* _Exercise_:
Go over the entries below line by line, copying each one that contains the word "Import".
▬▬▬▬▬▬▬▬▬▬
(* Let $t$ be the Thue-Morse word and $PPL_t$ its prefix palindromic length function. Then for all integers $n\geq 0$: \begin{align*} PPL_t(4n)&=PPL_t(n),\\ PPL_t(4n+1)&=PPL_t(n)+1,\\ PPL_t(4n+2)&=\min(PPL_t(n),PPL_t(n+1))+2,\\ PPL_t(4n+3)&=PPL_t(n+1)+1. \end{align*}
   Context: A palindrome is a finite word $p=p[1]\cdots p[n]$ with $p[i]=p[n-i+1]$ for all $i$. The palindromic length of a finite word $s$ is the minimal number $k$ such that $s$ is a concatenation of $k$ nonempty palindromes (the empty word has palindromic length $0$). For an infinite word $u=u[1]u[2]\cdots$, $PPL_u(n)$ denotes the palindromic length of its prefix $u[1]\cdots u[n]$ of length $n$, with $PPL_u(0)=0$. The Thue-Morse word $t=abbabaabbaababba\cdots$ is the fixed point starting with $a$ of the morphism $\tau: a\mapsto abba,\ b\mapsto baab$. *)

From mathcomp Require Import all_boot.
Set Implicit Arguments. Unset Strict Implicit. Unset Printing Implicit Defensive.

(* Letters: a = false, b = true. *)
Definition palindrome (s : seq bool) : bool := rev s == s.

Fixpoint pal_split (k : nat) (s : seq bool) : bool :=
  match k with
  | 0 => s == [::]
  | k'.+1 => has (fun i => palindrome (take i.+1 s) && pal_split k' (drop i.+1 s))
                 (iota 0 (size s))
  end.

Lemma pal_split_exists (s : seq bool) : exists k, pal_split k s.
Proof.
exists (size s); elim: s => [|x s IH] //.
rewrite [size _]/=.
change (has (fun i => palindrome (take i.+1 (x :: s)) && pal_split (size s) (drop i.+1 (x :: s)))
          (iota 0 (size s).+1)).
apply/hasP; exists 0; first by rewrite mem_iota.
by rewrite /= drop0 take0 IH andbT /palindrome.
Qed.

Definition pal_length (s : seq bool) : nat := ex_minn (pal_split_exists s).

Definition tau (s : seq bool) : seq bool :=
  flatten [seq [:: x; ~~ x; ~~ x; x] | x <- s].

(* tau^k(a); it has length 4^k and is a prefix of the fixed point *)
Definition tau_iter (k : nat) : seq bool := iter k tau [:: false].

(* the Thue-Morse word t, 0-indexed: t i = letter t[i+1] *)
Definition thue_morse (i : nat) : bool := nth false (tau_iter i) i.

Definition prefix_tm (n : nat) : seq bool := mkseq thue_morse n.

Definition PPL_t (n : nat) : nat := pal_length (prefix_tm n).

(* A palindromic factor t[a, b) of the Thue-Morse word has length 1 or 3, or even
   length with a + b divisible by 4: t contains neither aaa nor bbb, hence no
   palindrome of length 5, and the two middle letters t(c - 1) = t(c) of an even
   palindrome force c to be even, since t(2j) <> t(2j + 1).  Trimmed to the nearest
   multiples of 4, such an even palindrome is the tau-image of a palindrome of t, and
   tau maps palindromes to palindromes.  So the last palindrome of an optimal
   decomposition of the prefix of length 4n + r leads back to a prefix of length about
   n, which gives the lower bounds by strong induction; the upper bounds come from
   applying tau to the last palindrome of an optimal decomposition of the prefix of
   length n or n + 1. *)

From mathcomp Require Import all_boot zify.

Set Implicit Arguments.
Unset Strict Implicit.
Unset Printing Implicit Defensive.

Local Notation tm := thue_morse.

(** * Letters of the Thue-Morse word *)

Definition tau_block (x : bool) : seq bool := [:: x; ~~ x; ~~ x; x].

Lemma tau_cons x s : tau (x :: s) = tau_block x ++ tau s.
Proof. by []. Qed.

Lemma tau_cat s u : tau (s ++ u) = tau s ++ tau u.
Proof. by rewrite /tau map_cat flatten_cat. Qed.

Lemma size_tau s : size (tau s) = 4 * size s.
Proof. by elim: s => [|x s IH] //; rewrite tau_cons size_cat IH mulnS. Qed.

Lemma size_tau_iter k : size (tau_iter k) = 4 ^ k.
Proof. by elim: k => [|k IH] //; rewrite /tau_iter iterS size_tau IH expnS. Qed.
(* Assume Conditions A and B, and assume at least one of the following: (a) $a>-\infty$ is a natural boundary and for some $z\in\mathcal E$, $\liminf_{y\to a}\frac{c_1(y,z)-g_0(y)}{\zeta(y)}=0$; (b) $b<\infty$ is a natural boundary and for some $y\in\mathcal E$, $\liminf_{z\to b}\frac{c_1(y,z)+g_0(z)}{\zeta(z)}=0$; (c) $a>-\infty$ is natural, $c_0(a)=0$ and $\liminf_{(y,z)\to(a,a),\,y<z}\frac{c_1(y,z)}{\zeta(z)-\zeta(y)}=0$; (d) $b<\infty$ is natural, $c_0(b)=0$ and $\liminf_{(y,z)\to(b,b),\,y<z}\frac{c_1(y,z)}{\zeta(z)-\zeta(y)}=0$. Then $F_0^*=0$ and no pair $(y,z)\in\mathcal R$ minimizes $F_0$.
   Context: Setting. $\mathcal I=(a,b)$, $-\infty\le a<b\le\infty$; $\mu,\sigma$ continuous on $\mathcal I$, $\sigma\neq0$; $X_0$ the regular diffusion $dX_0=\mu(X_0)dt+\sigma(X_0)dW$, $X_0(0)=x_0\in\mathcal I$. Scale density $s(x)=\exp(-\int^x2\mu/\sigma^2)$, scale function $S=\int s$, $S[y,z]=S(z)-S(y)$ ($dS$), speed density $m=1/(\sigma^2s)$, speed measure $M[y,z]=\int_y^z m$ ($dM$). Feller boundary classification; attainable means regular or exit. Condition A: $S(a,x]<\infty$, $S[x,b)=\infty$ for $x\in\mathcal I$ (so $a$ is regular/exit/natural, $b$ natural/entrance); if $a$ reflecting, $\lim_{x\to a}s(x)M[x,b)<\infty$; if $b$ natural, $M[y,b)<\infty$ for $y\in\mathcal I$; infinite boundaries are natural. $\mathcal E$ is $\mathcal I$ with $a$ added if attainable and $b$ added if entrance; $\mathcal R=\{(y,z)\in\mathcal E^2:y<z\}$, $\overline{\mathcal R}=\{(y,z)\in\mathcal E^2:y\le z\}$. Condition B: (a) $c_0:\mathcal E\to[0,\infty)$ continuous; at natural boundaries $c_0(a)=\lim_{x\to a}c_0(x)$, $c_0(b)=\lim_{x\to b}c_0(x)$ exist in $[0,\infty]$, with $c_0(\pm\infty)=\infty$ at infinite boundaries; $\int_y^bc_0\,dM<\infty$ for $y\in\mathcal I$; if $a$ reflecting, $\lim_{x\to a}s(x)\int_x^bc_0\,dM<\infty$. (b) $c_1:\overline{\mathcal R}\to[0,\infty]$ continuous, $c_1\ge k_1>0$, $c_1(\cdot,z)$ is $C^1$ near $a$ for $z\in\mathcal E\setminus\{a\}$, $c_1(y,\cdot)$ is $C^1$ near $b$ for $y\in\mathcal E\setminus\{b\}$. Functions: $g_0(x)=\int_{x_0}^x\int_u^b2c_0(v)\,dM(v)\,dS(u)$, $\zeta(x)=\int_{x_0}^x2M[u,b)\,dS(u)$ on $\mathcal I$, extended by continuity (possibly to $\pm\infty$). $F_0(y,z)=\frac{c_1(y,z)+g_0(z)-g_0(y)}{\zeta(z)-\zeta(y)}$ for $(y,z)\in\mathcal R$, $F_0(y,y)=\infty$, and $F_0^*=\inf_{\overline{\mathcal R}}F_0$. *)

From Stdlib Require Import Reals Lra Classical ClassicalEpsilon.
Open Scope R_scope.

Inductive Rbar : Type := Fin (r : R) | PInf | MInf.

Definition Rbar_le (x y : Rbar) : Prop :=
  match x, y with
  | MInf, _ => True
  | Fin _, MInf => False
  | Fin a, Fin b => a <= b
  | Fin _, PInf => True
  | PInf, PInf => True
  | PInf, _ => False
  end.

Definition Rbar_lt (x y : Rbar) : Prop :=
  match x, y with
  | MInf, MInf => False
  | MInf, _ => True
  | Fin _, MInf => False
  | Fin a, Fin b => a < b
  | Fin _, PInf => True
  | PInf, _ => False
  end.

Definition is_finite (x : Rbar) : Prop := exists r : R, x = Fin r.

(* real part; only applied to values known to be finite *)
Definition Rbar_real (x : Rbar) : R :=
  match x with Fin r => r | _ => 0 end.

Definition Rbar_opp (x : Rbar) : Rbar :=
  match x with Fin r => Fin (- r) | PInf => MInf | MInf => PInf end.

(* addition; the undefined form (+oo) + (-oo) is given the arbitrary value 0 *)
Definition Rbar_plus (x y : Rbar) : Rbar :=
  match x, y with
  | Fin a, Fin b => Fin (a + b)
  | PInf, MInf => Fin 0
  | MInf, PInf => Fin 0
  | PInf, _ => PInf
  | _, PInf => PInf
  | MInf, _ => MInf
  | _, MInf => MInf
  end.

Definition Rbar_minus (x y : Rbar) : Rbar := Rbar_plus x (Rbar_opp y).

Definition Rbar_scal_pos (r : R) (x : Rbar) : Rbar :=
  match x with Fin a => Fin (r * a) | PInf => PInf | MInf => MInf end.

(* division; undefined forms (oo/oo, x/0) get arbitrary values *)
Definition Rbar_div (x y : Rbar) : Rbar :=
  match y with
  | Fin d =>
      match x with
      | Fin a => Fin (a / d)
      | PInf => if Rlt_dec 0 d then PInf else if Rlt_dec d 0 then MInf else Fin 0
      | MInf => if Rlt_dec 0 d then MInf else if Rlt_dec d 0 then PInf else Fin 0
      end
  | _ => Fin 0
  end.

Definition is_lub_Rbar (E : Rbar -> Prop) (l : Rbar) : Prop :=
  (forall x, E x -> Rbar_le x l) /\
  (forall u, (forall x, E x -> Rbar_le x u) -> Rbar_le l u).
Definition is_glb_Rbar (E : Rbar -> Prop) (l : Rbar) : Prop :=
  (forall x, E x -> Rbar_le l x) /\
  (forall u, (forall x, E x -> Rbar_le u x) -> Rbar_le u l).

Definition Rbar_sup (E : Rbar -> Prop) : Rbar := epsilon (inhabits PInf) (is_lub_Rbar E).
Definition Rbar_inf (E : Rbar -> Prop) : Rbar := epsilon (inhabits PInf) (is_glb_Rbar E).

Definition Rnbhd (p : Rbar) (P : R -> Prop) : Prop :=
  match p with
  | Fin l => exists eps, 0 < eps /\ forall x, Rabs (x - l) < eps -> P x
  | PInf => exists M, forall x, M < x -> P x
  | MInf => exists M, forall x, x < M -> P x
  end.

Definition Rnbhd2 (y z : R) (P : R * R -> Prop) : Prop :=
  exists eps, 0 < eps /\
    forall u v, Rabs (u - y) < eps -> Rabs (v - z) < eps -> P (u, v).

Definition Rbar_nbhd (L : Rbar) (Q : Rbar -> Prop) : Prop :=
  match L with
  | Fin l => exists eps, 0 < eps /\ forall r, Rabs (r - l) < eps -> Q (Fin r)
  | PInf => exists M, forall x, Rbar_lt (Fin M) x -> Q x
  | MInf => exists M, forall x, Rbar_lt x (Fin M) -> Q x
  end.

Definition filterlim {T : Type} (F : (T -> Prop) -> Prop) (D : T -> Prop)
  (f : T -> Rbar) (L : Rbar) : Prop :=
  forall Q, Rbar_nbhd L Q -> F (fun t => D t -> Q (f t)).

Definition Rbar_limval {T : Type} (F : (T -> Prop) -> Prop) (D : T -> Prop)
  (f : T -> Rbar) : Rbar :=
  epsilon (inhabits PInf) (fun L => filterlim F D f L).

Definition Rbar_liminf {T : Type} (F : (T -> Prop) -> Prop) (D : T -> Prop)
  (f : T -> Rbar) : Rbar :=
  Rbar_sup (fun v => exists P, F P /\
     v = Rbar_inf (fun w => exists t, P t /\ D t /\ w = f t)).

Definition C1_on (J : R -> Prop) (h : R -> R) : Prop :=
  exists h' : R -> R, forall y, J y ->
    (forall eps, 0 < eps -> exists del, 0 < del /\ forall t, J t -> t <> y ->
        Rabs (t - y) < del -> Rabs ((h t - h y) / (t - y) - h' y) < eps) /\
    (forall eps, 0 < eps -> exists del, 0 < del /\ forall t, J t ->
        Rabs (t - y) < del -> Rabs (h' t - h' y) < eps).

(* Riemann integral \int_y^z f (oriented); arbitrary if f is not integrable *)
Definition Rint (f : R -> R) (y z : R) : R :=
  epsilon (inhabits 0) (fun r => exists pr : Riemann_integrable f y z, RiemannInt pr = r).

Definition inI (a b : Rbar) (x : R) : Prop := Rbar_lt a (Fin x) /\ Rbar_lt (Fin x) b.

Definition Int_to_b (b : Rbar) (f : R -> R) (y : R) : Rbar :=
  Rbar_limval (Rnbhd b) (fun z => y < z /\ Rbar_lt (Fin z) b) (fun z => Fin (Rint f y z)).
(* Let $(C,S)$ be a right-angled Coxeter system, $D>0$, and $\alpha,\beta\in C$ such that $\gamma=\alpha^{-1}\beta$ is nontrivial and has $D$-bounded product projections. Then there is a minimal wall $W$ in $\mathbf{W}(\alpha,\beta)$ such that $W\cap W'\ne\emptyset$ for at most $(2D+1)\cdot4^D$ walls $W'\in\mathbf{W}(\alpha,\beta)$.
   Context: Walls: for a reflection $r$ of $C$ (conjugate of a generator), the set of edges $\{g,gs\}$ of $\mathrm{Cay}(C,S)$ with $gsg^{-1}=r$ (hyperplanes of the Davis complex); two walls intersect if the hyperplanes intersect. $\mathbf{W}(\alpha,\beta)$ is the set of walls separating $\alpha$ from $\beta$ (every edge path from $\alpha$ to $\beta$ uses an edge of the wall), partially ordered by $W<W'$ iff $W$ separates $\alpha$ from $W'$; $\mathbf{W}(\gamma)=\mathbf{W}(\mathrm{id},\gamma)$. $\gamma$ has $D$-bounded product projections if every pair of disjoint subsets $A,B\subset\mathbf{W}(\gamma)$ with every element of $A$ incomparable to every element of $B$ satisfies $\min(|A|,|B|)\le D$. *)

From mathcomp Require Import all_boot.
From Stdlib Require Import Relations.
Set Implicit Arguments. Unset Strict Implicit. Unset Printing Implicit Defensive.

Section RACG.
Variable S : finType.
(* [comm s t] : the generators s and t commute (m(s,t) = 2); otherwise
   m(s,t) = infinity.  Assumed symmetric and irreflexive in the theorem. *)
Variable comm : rel S.

(* Elements of C are words over S modulo the defining relations
   s s = 1 and s t = t s (comm s t). *)
Inductive wstep : seq S -> seq S -> Prop :=
| ws_cancel (u v : seq S) (s : S) : wstep (u ++ s :: s :: v) (u ++ v)
| ws_comm (u v : seq S) (s t : S) : comm s t -> wstep (u ++ s :: t :: v) (u ++ t :: s :: v).

Definition weq : seq S -> seq S -> Prop := clos_refl_sym_trans _ wstep.

(* group operations: product = concatenation, inverse = reversal *)
Definition winv (g : seq S) : seq S := rev g.

Definition conj_gen (g : seq S) (s : S) : seq S := g ++ s :: winv g.

Definition is_reflection (r : seq S) : Prop := exists g s, weq (conj_gen g s) r.

(* An edge path from a with labels p (ending at a p) uses an edge of the
   wall of reflection r: some edge {g, g s} of it, g = a u, has g s g^-1 = r. *)
Definition uses_wall (a p r : seq S) : Prop :=
  exists u s v, p = u ++ s :: v /\ weq (conj_gen (a ++ u) s) r.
▬▬▬▬▬▬▬▬▬▬
* _Expected answer_:
From mathcomp Require Import all_boot.
From mathcomp Require Import all_boot zify.
From Stdlib Require Import Reals Lra Classical ClassicalEpsilon.
From mathcomp Require Import all_boot.
From Stdlib Require Import Relations.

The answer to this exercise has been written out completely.